*Exercise*
Could you find every line in the entries below that holds the word "apply" and copy it?

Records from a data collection
*** Begin section ***

(* Let $S$ be a skew lattice that is strongly distributive or co-strongly distributive. Then $S$ is a left distributive solution of the Yang–Baxter equation.
   Context: A skew lattice is a set $S$ with two binary operations $\wedge,\vee$, each idempotent and associative, satisfying the absorption laws $x\wedge(x\vee y)=x=x\vee(x\wedge y)$ and $(x\wedge y)\vee y=y=(x\vee y)\wedge y$ for all $x,y\in S$. $S$ is strongly distributive if it satisfies $(x\vee y)\wedge z=(x\wedge z)\vee(y\wedge z)$ and $x\wedge(y\vee z)=(x\wedge y)\vee(x\wedge z)$; it is co-strongly distributive if it satisfies $(x\wedge y)\vee z=(x\vee z)\wedge(y\vee z)$ and $x\vee(y\wedge z)=(x\vee y)\wedge(x\vee z)$. $S$ is a left distributive solution if $r_L(x,y)=(x\wedge y,y\vee x)$ satisfies $(r_L\times\mathrm{id})\circ(\mathrm{id}\times r_L)\circ(r_L\times\mathrm{id})=(\mathrm{id}\times r_L)\circ(r_L\times\mathrm{id})\circ(\mathrm{id}\times r_L)$. *)

Definition idempotent {S : Type} (op : S -> S -> S) : Prop := forall x, op x x = x.
Definition associative {S : Type} (op : S -> S -> S) : Prop :=
  forall x y z, op x (op y z) = op (op x y) z.

Definition skew_lattice {S : Type} (meet join : S -> S -> S) : Prop :=
  idempotent meet /\ idempotent join /\ associative meet /\ associative join /\
  (forall x y, meet x (join x y) = x) /\
  (forall x y, join x (meet x y) = x) /\
  (forall x y, join (meet x y) y = y) /\
  (forall x y, meet (join x y) y = y).

Definition strongly_distributive {S : Type} (meet join : S -> S -> S) : Prop :=
  (forall x y z, meet (join x y) z = join (meet x z) (meet y z)) /\
  (forall x y z, meet x (join y z) = join (meet x y) (meet x z)).

Definition co_strongly_distributive {S : Type} (meet join : S -> S -> S) : Prop :=
  (forall x y z, join (meet x y) z = meet (join x z) (join y z)) /\
  (forall x y z, join x (meet y z) = meet (join x y) (join x z)).

Definition r_L {S : Type} (meet join : S -> S -> S) (p : S * S) : S * S :=
  (meet (fst p) (snd p), join (snd p) (fst p)).

Definition r12 {S : Type} (r : S * S -> S * S) (t : S * S * S) : S * S * S :=
  let '(x, y, z) := t in let '(a, b) := r (x, y) in (a, b, z).
Definition r23 {S : Type} (r : S * S -> S * S) (t : S * S * S) : S * S * S :=
  let '(x, y, z) := t in let '(b, c) := r (y, z) in (x, b, c).

(* Braid relation (r x id)(id x r)(r x id) = (id x r)(r x id)(id x r). *)
Definition is_YB_solution {S : Type} (r : S * S -> S * S) : Prop :=
  forall t : S * S * S, r12 r (r23 r (r12 r t)) = r23 r (r12 r (r23 r t)).

Definition left_distributive_solution {S : Type} (meet join : S -> S -> S) : Prop :=
  is_YB_solution (r_L meet join).


(* Write x/\y for [meet x y] and x\/y for [join x y].
   Expanding both sides of the braid relation for r_L(x,y) = (x/\y, y\/x)
   at a triple (x,y,z) gives, componentwise,
     left  = ((x/\y)/\((y\/x)/\z), ((y\/x)/\z)\/(x/\y), z\/(y\/x)),
     right = (x/\(y/\z), ((y/\z)\/x)/\(z\/y), (z\/y)\/((y/\z)\/x)).
   The outer components agree in every skew lattice: they only need
   associativity and the absorption laws y/\(y\/x) = y, y\/(y/\z) = y.
   Hence r_L is a solution exactly when the middle identity
     ((y\/x)/\z)\/(x/\y) = ((y/\z)\/x)/\(z\/y)
   holds, and this identity follows from strong distributivity and,
   dually, from co-strong distributivity. *)

Section BraidRelation.

Variables (S : Type) (meet join : S -> S -> S).

Hypothesis meet_assoc : associative meet.
Hypothesis join_assoc : associative join.
Hypothesis meet_join_absorb : forall x y, meet x (join x y) = x.
Hypothesis join_meet_absorb : forall x y, join x (meet x y) = x.

Lemma braid_first_component (x y z : S) :
  meet (meet x y) (meet (join y x) z) = meet x (meet y z).
Proof.
  rewrite <- meet_assoc, (meet_assoc y (join y x) z), meet_join_absorb.
  reflexivity.
Qed.

Lemma braid_third_component (x y z : S) :
  join z (join y x) = join (join z y) (join (meet y z) x).
Proof.
  rewrite <- (join_assoc z y), (join_assoc y (meet y z) x), join_meet_absorb.
  reflexivity.
Qed.

Definition braid_middle_identity : Prop :=
  forall x y z : S,
    join (meet (join y x) z) (meet x y) = meet (join (meet y z) x) (join z y).

Lemma left_distributive_solution_of_middle :
  braid_middle_identity -> left_distributive_solution meet join.
Proof.
  intros middle [[x y] z].
  unfold r12, r23, r_L; simpl.
  rewrite braid_first_component, middle, braid_third_component.
  reflexivity.
Qed.

(* Strong distributivity gives the middle identity: both sides reduce to
   (y/\z)\/(x/\z)\/(x/\y). *)
Lemma middle_identity_of_strongly_distributive :
  strongly_distributive meet join -> braid_middle_identity.
Proof.
  intros [meet_join_distr_r meet_join_distr_l] x y z.
  rewrite !meet_join_distr_r, <- meet_assoc, meet_join_absorb,
    meet_join_distr_l, join_assoc.
  reflexivity.
Qed.

(* Dually, co-strong distributivity gives the middle identity: both sides
   reduce to (y\/x)/\(z\/x)/\(z\/y). *)
Lemma middle_identity_of_co_strongly_distributive :
  co_strongly_distributive meet join -> braid_middle_identity.
Proof.
  intros [join_meet_distr_r join_meet_distr_l] x y z.
  rewrite join_meet_distr_r, <- join_assoc, join_meet_absorb,
    (join_meet_distr_l z x y), (join_meet_distr_r y z x), meet_assoc.
  reflexivity.
Qed.

End BraidRelation.

Theorem mainTheorem11 (S : Type) (meet join : S -> S -> S) :
  skew_lattice meet join ->
  strongly_distributive meet join \/ co_strongly_distributive meet join ->
  left_distributive_solution meet join.
Proof.
  intros [_ [_ [meet_assoc [join_assoc [meet_join_absorb [join_meet_absorb _]]]]]]
    distributive.
  apply (@left_distributive_solution_of_middle S meet join
           meet_assoc join_assoc meet_join_absorb join_meet_absorb).
  destruct distributive as [strong | co_strong].
  - now apply middle_identity_of_strongly_distributive.
  - now apply middle_identity_of_co_strongly_distributive.
Qed.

*** End section ***

*The completed task*
  apply (@left_distributive_solution_of_middle S meet join
  - now apply middle_identity_of_strongly_distributive.
  - now apply middle_identity_of_co_strongly_distributive.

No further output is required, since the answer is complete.